At the same time, taxes in tsarist Russia were small: for the townspeople until 1914, they amounted to only 3 rubles per month. And the products didn’t require a lot of money. Vegetables, bread and milk in big cities were cheap.
The wages of workers depended on qualifications. For example, a laborer at the Petrograd Obukhov plant at the beginning of 1917 received 160 rubles, and more skilled workers could boast of monthly wages of up to 400 rubles. Can be compared over the years. In 1885, a man's food expenses accounted for up to 45 percent of his earnings, and in 1914 it was only 25 percent. Increased spending on clothing and footwear, home improvement, books, magazines and newspapers, theater visits, children's education, and public transport.

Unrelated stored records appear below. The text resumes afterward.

Lemma bracket_der_act x y : bracket x y = der_act x y - der_act y x.
Proof.
have E1 : mext (fun p => mext (fun q => pairl q.1 (repl p.1 p.2 q.2)) y) x = der_act x y.
  by rewrite mext_swap; apply: eq_in_mext => q _; rewrite /der_path linear_mext /=.
have E2 : mext (fun p => mext (fun q => pairl p.1 (repl q.1 q.2 p.2)) y) x = der_act y x.
  rewrite /der_act; apply: eq_in_mext => p _.
  by rewrite /der_path [RHS]linear_mext /=; apply: eq_in_mext.
rewrite -E1 -E2 -mext_sub /Defs.bracket /mext; apply: eq_bigr => p _.
rewrite -sumrB scaler_sumr; apply: eq_bigr => q _.
by rewrite -scalerBr scalerA.
Qed.

Lemma der_act_ad_arrows x m :
  der_act x (ad_arrows m) = \sum_(a : A) pairl a (der x (ad m << apath src a >>)).
Proof.
rewrite /der_act ad_arrowsE linear_sum /=; apply: eq_bigr => a _.
rewrite pairlE mext_comp derE [RHS]linear_mext /=.
by apply: eq_in_mext => d _; rewrite mextU.
Qed.

Lemma bracket_ad_arrows m1 m2 : cycle_comb m1 -> cycle_comb m2 ->
  bracket (ad_arrows m1) (ad_arrows m2) = ad_arrows (ad m1 m2).
Proof.
move=> c1 c2; rewrite bracket_der_act !der_act_ad_arrows -sumrB [RHS]ad_arrowsE.
apply: eq_bigr => a _.
rewrite (der_ad_arrows c1 (@inLam_ad m2 _)) (der_ad_arrows c2 (@inLam_ad m1 _)).
by rewrite -pairlB ad_commutator.
Qed.

Lemma pairl_if a (c : bool) q :
  pairl a (if c then << q >> else 0) = if c then << (a, q) >> else 0.
Proof. by rewrite pairlE; case: c; rewrite ?mextU ?linear0. Qed.

Lemma psi0_basis_ad_arrows e g : psrc g = e -> ptgt g = e ->
  psi0_basis (e, g) = - ad_arrows << g >>.
Proof.
move=> ge te; rewrite ad_arrowsE /Defs.psi0_basis.
under [in RHS]eq_bigr => a _ do rewrite /Defs.ad pairlB !lmulUU.
rewrite sumrB opprB; congr (_ - _); rewrite big_mkcond; apply: eq_bigr => a _.
  by rewrite /mulB pairl_if te eq_sym.
by rewrite /mulB pairl_if ge.
Qed.

Lemma psi0E g : inQ0B g -> psi0 g = ad_arrows (mext (fun p => - << p.2 >>) g).
Proof.
move=> Qg; rewrite (linear_mext ad_arrows) -[psi0 g]/(mext psi0_basis g).
apply: eq_in_mext => -[e d] /Qg /and3P[_ /eqP de /eqP te].
by rewrite psi0_basis_ad_arrows //; exact: esym (linearN ad_arrows _).
Qed.

Lemma inImpsi0P x : inImpsi0 x <-> exists m, [/\ cycle_comb m, inLam m & x = ad_arrows m].
Proof.
split=> [[g Qg ->] | [m [cm Bm ->]]].
  pose m := mext (fun p => - << p.2 >>) g.
  have sub : {subset msupp m <= [pred d | inB d && (psrc d == ptgt d)]}.
    apply: msupp_mext => -[e d] /Qg /and3P[Bd /eqP de /eqP te] u.
    by rewrite msuppN => /(fsubsetP msuppU_le); rewrite !inE => /eqP ->; rewrite Bd de te /=.
  exists m; split; last exact: psi0E.
    by move=> d /sub /andP[_ /eqP].
  by move=> d /sub /andP[].
pose g : Q0B := mext (fun d => - << (psrc d, d) >>) m.
have Qg : inQ0B g.
  apply: (msupp_mext (P := [pred p | [&& inB p.2, psrc p.2 == p.1 & ptgt p.2 == p.1]])).
  move=> d dm p; rewrite msuppN => /(fsubsetP msuppU_le); rewrite inE => /eqP -> /=.
  by rewrite inE /= (Bm _ dm) eqxx (cm _ dm) eqxx.
exists g => //; rewrite psi0E //; congr ad_arrows.
rewrite mext_comp -{1}[m]mext_id; apply: eq_in_mext => d _.
by rewrite (linearN (mext _)) /= (mextU (fun p : V * qpath V A => - << p.2 >> : Lam)) opprK.
Qed.

Lemma der_inj_Impsi0 x y : inImpsi0 x -> inImpsi0 y ->
  (forall l, inLam l -> der x l = der y l) -> x = y.
Proof.
move=> /inImpsi0P[m1 [c1 _ ->]] /inImpsi0P[m2 [c2 _ ->]] eq_der.
rewrite (ad_arrows_der c1) (ad_arrows_der c2); apply: eq_bigr => a _.
by rewrite eq_der //; apply/inLamU/inB_apath.
Qed.

Lemma der_Impsi0_inAdE x : inImpsi0 x -> inAdE (der x).
Proof.
move=> /inImpsi0P[m [cm Bm ->]]; exists m; split=> //; first exact/Ebimod_adP.
by move=> l; apply: der_ad_arrows.
Qed.

Lemma inAdE_der_Impsi0 D : inAdE D ->
  exists2 x, inImpsi0 x & forall l, inLam l -> der x l = D l.
Proof.
move=> [m [Bm /(Ebimod_adP Bm) cm Dm]].
exists (ad_arrows m); first by apply/inImpsi0P; exists m.
by move=> l Bl; rewrite der_ad_arrows // Dm.
Qed.

Lemma der_bracket x y : inImpsi0 x -> inImpsi0 y -> forall l, inLam l ->
  der (bracket x y) l = der x (der y l) - der y (der x l).
Proof.
move=> /inImpsi0P[m1 [c1 _ ->]] /inImpsi0P[m2 [c2 _ ->]] l Bl.
rewrite bracket_ad_arrows // (der_ad_arrows (cycle_comb_ad c1 c2) Bl) ad_commutator.
rewrite (der_ad_arrows c2 Bl) (der_ad_arrows c1 Bl).
by rewrite (der_ad_arrows c1 (@inLam_ad m2 l)) (der_ad_arrows c2 (@inLam_ad m1 l)).
Qed.

End QuiverAlgebra.

Theorem corollary1p9 (k : closedFieldType) (V A : finType) (src tgt : A -> V)
  (Z : seq (qpath V A)) :
  uniq Z ->
  all (valid src tgt) Z ->
  all (fun z => 1 < size z.2)%N Z ->
  (forall z z', z \in Z -> z' \in Z -> subpath tgt z' z -> z' = z) ->
  (exists s : seq (qpath V A), forall d, inB src tgt Z d -> d \in s) ->
  exists phi : Q1B k V A -> Lam k V A -> Lam k V A,
    [/\ (forall (c : k) x y, inImpsi0 src tgt Z x -> inImpsi0 src tgt Z y ->
           forall l, inLam src tgt Z l -> phi (c *: x + y) l = c *: phi x l + phi y l),
        (forall x y, inImpsi0 src tgt Z x -> inImpsi0 src tgt Z y ->
           (forall l, inLam src tgt Z l -> phi x l = phi y l) -> x = y),
        (forall x, inImpsi0 src tgt Z x -> inAdE src tgt Z (phi x)),
        (forall D, inAdE src tgt Z D ->
           exists2 x, inImpsi0 src tgt Z x &
             forall l, inLam src tgt Z l -> phi x l = D l) &
        (forall x y, inImpsi0 src tgt Z x -> inImpsi0 src tgt Z y ->
           forall l, inLam src tgt Z l ->
             phi (bracket src tgt Z x y) l = phi x (phi y l) - phi y (phi x l))].
Proof.
move=> _ _ Z_long _ _; exists (der src tgt Z); split.
- by move=> c x y _ _ l _; apply: der_is_linear.
- exact: der_inj_Impsi0.
- exact: der_Impsi0_inAdE.
- exact: inAdE_der_Impsi0.
- exact: der_bracket.
Qed.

What the officials ate and what the workers and the military could not afford
How did the officials live? The Uglich Household Museum has a 1903 book of expenses kept by one official. His salary was 45 rubles a month. The apartment cost 5 rubles 50 kopecks. Spending on food was as follows: bread for 2 kopecks, a pot of milk - 6 kopecks, a bag of potatoes - 35 kopecks, a large bucket of cabbage - 25 kopecks, about a kilogram of sausage - 30 kopecks. As far as alcohol is concerned, a bottle of vodka sold for 38 kopecks, which can be compared to the waste of a city worker. His monthly salary (national average) ranged from 8 to 50 rubles. After the 1905 revolution, machinists and electricians received up to 100 rubles, while weavers and dyers were paid approximately 28 rubles.

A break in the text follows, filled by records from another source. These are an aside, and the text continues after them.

Lemma derivable_pt_lim_pow_div_fact n t :
  derivable_pt_lim (fun x => x ^ S n / INR (fact (S n))) t (t ^ n / INR (fact n)).
Proof.
  apply derivable_pt_lim_ext with (fun x => / INR (fact (S n)) * x ^ S n).
  { intro; unfold Rdiv; ring. }
  replace (t ^ n / INR (fact n)) with (/ INR (fact (S n)) * (INR (S n) * t ^ pred (S n))).
  { apply derivable_pt_lim_scal, derivable_pt_lim_pow. }
  rewrite INR_fact_S. simpl pred.
  assert (0 < INR (S n)) by (apply lt_0_INR; lia). pose proof (INR_fact_pos n).
  field. lra.
Qed.

Lemma le_of_deriv_nonneg F F' a b : a <= b ->
  (forall t, derivable_pt_lim F t (F' t)) -> (forall t, a <= t <= b -> 0 <= F' t) -> F a <= F b.
Proof.
  intros Hab HF HF'. destruct (Req_dec a b) as [<-|Hne]; [lra|].
  destruct (MVT_cor2 F F' a b ltac:(lra) (fun c _ => HF c)) as [c [E Hc]].
  assert (0 <= F' c * (b - a)) by (apply Rmult_le_pos; [apply HF'|]; lra). lra.
Qed.

Lemma le_value_at_0 F F' y : (forall t, derivable_pt_lim F t (F' t)) ->
  (forall t, 0 <= t -> F' t <= 0) -> (forall t, t <= 0 -> 0 <= F' t) -> F y <= F 0.
Proof.
  intros HF Hpos Hneg. destruct (Rle_dec 0 y).
  - assert (- F 0 <= - F y); [|lra].
    apply (le_of_deriv_nonneg (fun t => - F t) (fun t => - F' t)); auto.
    + intro t. apply derivable_pt_lim_opp, HF.
    + intros t Ht. pose proof (Hpos t). lra.
  - apply (le_of_deriv_nonneg F F'); auto; [lra|]. intros t Ht. apply Hneg. lra.
Qed.

Lemma Rabs_le_of_deriv_bound F F' C p :
  (forall t, derivable_pt_lim F t (F' t)) -> F 0 = 0 ->
  (forall t, Rabs (F' t) <= C * Rabs t ^ p / INR (fact p)) ->
  forall z, Rabs (F z) <= C * Rabs z ^ S p / INR (fact (S p)).
Proof.
  assert (Hpos : forall F F', (forall t, derivable_pt_lim F t (F' t)) -> F 0 = 0 ->
      (forall t, Rabs (F' t) <= C * Rabs t ^ p / INR (fact p)) ->
      forall z, 0 <= z -> Rabs (F z) <= C * z ^ S p / INR (fact (S p))).
  { intros G G' HG HG0 HG' z Hz.
    set (P t := C * (t ^ S p / INR (fact (S p)))).
    assert (HP : forall t, derivable_pt_lim P t (C * (t ^ p / INR (fact p)))).
    { intro t. apply derivable_pt_lim_scal, derivable_pt_lim_pow_div_fact. }
    assert (HG'le : forall t, 0 <= t ->
      - (C * (t ^ p / INR (fact p))) <= G' t <= C * (t ^ p / INR (fact p))).
    { intros t Ht. pose proof (HG' t) as H. rewrite (Rabs_right t) in H by lra.
      pose proof (Rle_abs (G' t)). pose proof (Rle_abs (- G' t)). rewrite Rabs_Ropp in *.
      unfold Rdiv in *. lra. }
    assert (P 0 - G 0 <= P z - G z).
    { apply (le_of_deriv_nonneg (fun t => P t - G t)
                                (fun t => C * (t ^ p / INR (fact p)) - G' t)); auto.
      - intro t. apply derivable_pt_lim_minus; auto.
      - intros t Ht. pose proof (HG'le t (proj1 Ht)). lra. }
    assert (P 0 + G 0 <= P z + G z).
    { apply (le_of_deriv_nonneg (fun t => P t + G t)
                                (fun t => C * (t ^ p / INR (fact p)) + G' t)); auto.
      - intro t. apply derivable_pt_lim_plus; auto.
      - intros t Ht. pose proof (HG'le t (proj1 Ht)). lra. }
    assert (P 0 = 0) by (unfold P; rewrite pow_i by lia; unfold Rdiv; ring).
    unfold P in *. apply Rabs_le. unfold Rdiv in *. lra. }
  intros HF HF0 HF' z. destruct (Rle_dec 0 z).
  - rewrite (Rabs_right z) by lra. apply (Hpos F F'); auto.
  - rewrite (Rabs_left z) by lra.
    replace (F z) with (F (- - z)) by (rewrite Ropp_involutive; reflexivity).
    apply (Hpos (fun t => F (- t)) (fun t => - F' (- t))); [| |intro t|lra].
    + intro t. apply derivable_pt_lim_comp_opp, HF.
    + rewrite Ropp_0. exact HF0.
    + rewrite Rabs_Ropp, <- (Rabs_Ropp t). apply HF'.
Qed.

Lemma fact_add_le j p : (fact (j + p) <= 2 ^ (j + p) * fact j * fact p)%nat.
Proof.
  assert (Hpow : forall m, (1 <= 2 ^ m)%nat) by (induction m; simpl; lia).
  remember (j + p)%nat as n eqn:En. revert j p En.
  induction n as [n IH] using lt_wf_ind. intros j p En. subst n.
  destruct j as [|j]; [simpl; specialize (Hpow p); nia|].
  destruct p as [|p]; [rewrite Nat.add_0_r; simpl fact at 3; specialize (Hpow (S j)); nia|].
  (* Pascal's rule: (j+p+2)! = (j+1)(j+p+1)! + (p+1)(j+p+1)! *)
  assert (H1 := IH (j + S p)%nat ltac:(lia) j (S p) eq_refl).
  assert (H2 := IH (S j + p)%nat ltac:(lia) (S j) p eq_refl).
  replace (S j + S p)%nat with (S (j + S p)) by lia.
  replace (S j + p)%nat with (j + S p)%nat in H2 by lia.
  change (fact (S (j + S p))) with (S (j + S p) * fact (j + S p))%nat.
  change (2 ^ S (j + S p))%nat with (2 * 2 ^ (j + S p))%nat.
  change (fact (S j)) with (S j * fact j)%nat in *.
  change (fact (S p)) with (S p * fact p)%nat in *.
  set (F := fact (j + S p)) in *. set (P := (2 ^ (j + S p))%nat) in *.
  nia.
Qed.

Lemma INR_fact_add_le j p :
  INR (fact (j + p)) <= 2 ^ (j + p) * INR (fact j) * INR (fact p).
Proof.
  pose proof (le_INR _ _ (fact_add_le j p)) as H. rewrite !mult_INR, pow_INR in H.
  replace (INR 2) with 2 in H by (simpl; ring). exact H.
Qed.

Definition hermite_bound n := sqrt (4 ^ n * INR (fact n)).

Lemma hermite_bound_sq n : hermite_bound n ^ 2 = 4 ^ n * INR (fact n).
Proof.
  apply pow2_sqrt, Rmult_le_pos; [apply pow_le; lra|apply pos_INR].
Qed.

Lemma pow_sq_comm x n : (x ^ n) ^ 2 = (x ^ 2) ^ n.
Proof. rewrite <- !pow_mult, Nat.mul_comm. reflexivity. Qed.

Artisans of the highest rank had an income of about 63 rubles, which was more than that of blacksmiths, turners and locksmiths. The workers began to buy more gourmet products. If we talk about people of mental labor, then we can give a simple example: a gymnasium teacher, for example, received more than a highly qualified worker.
The military also lived in different ways, everything depended on the rank. The general's annual salary was approximately 8,000 rubles. The colonel has about 2800 rubles, the lieutenant has 1110, and the warrant officer has about 800 rubles. But the officers had to buy themselves expensive uniforms at their own expense.
Consumer baskets before and after WWI
The First World War did not have much of an impact on the consumer basket. There was enough food, only sugar was sold with coupons. But it should be noted that at the same time food prices went up and quadrupled in 3 years. However, salaries have also grown. For example: in 1914, the monthly salary of a worker at the St. Petersburg Putilov plant was 50 rubles, and at the beginning of 1917 at the St. Petersburg Obukhov plant, the worker already received about three hundred rubles, while his monthly budget, taking into account a family of three, was 169 rubles. Of this, 29 rubles were spent on housing, 100 rubles for food, 40 rubles for shoes and clothes.
Conclusions: if we talk about the pre-revolutionary consumer basket of workers, it is worth remembering some peculiarities. Minimum taxes, inexpensive agricultural products, and at the same time the direct dependence of costs on skill level had a large impact on the consumer basket. However, after 1907, the quality of this basket began to grow rapidly due to higher wages (by the way, this growth significantly outstripped rapid inflation) and the appearance of cheaper housing. Workers began to spend more on entertainment and organizing interesting leisure activities.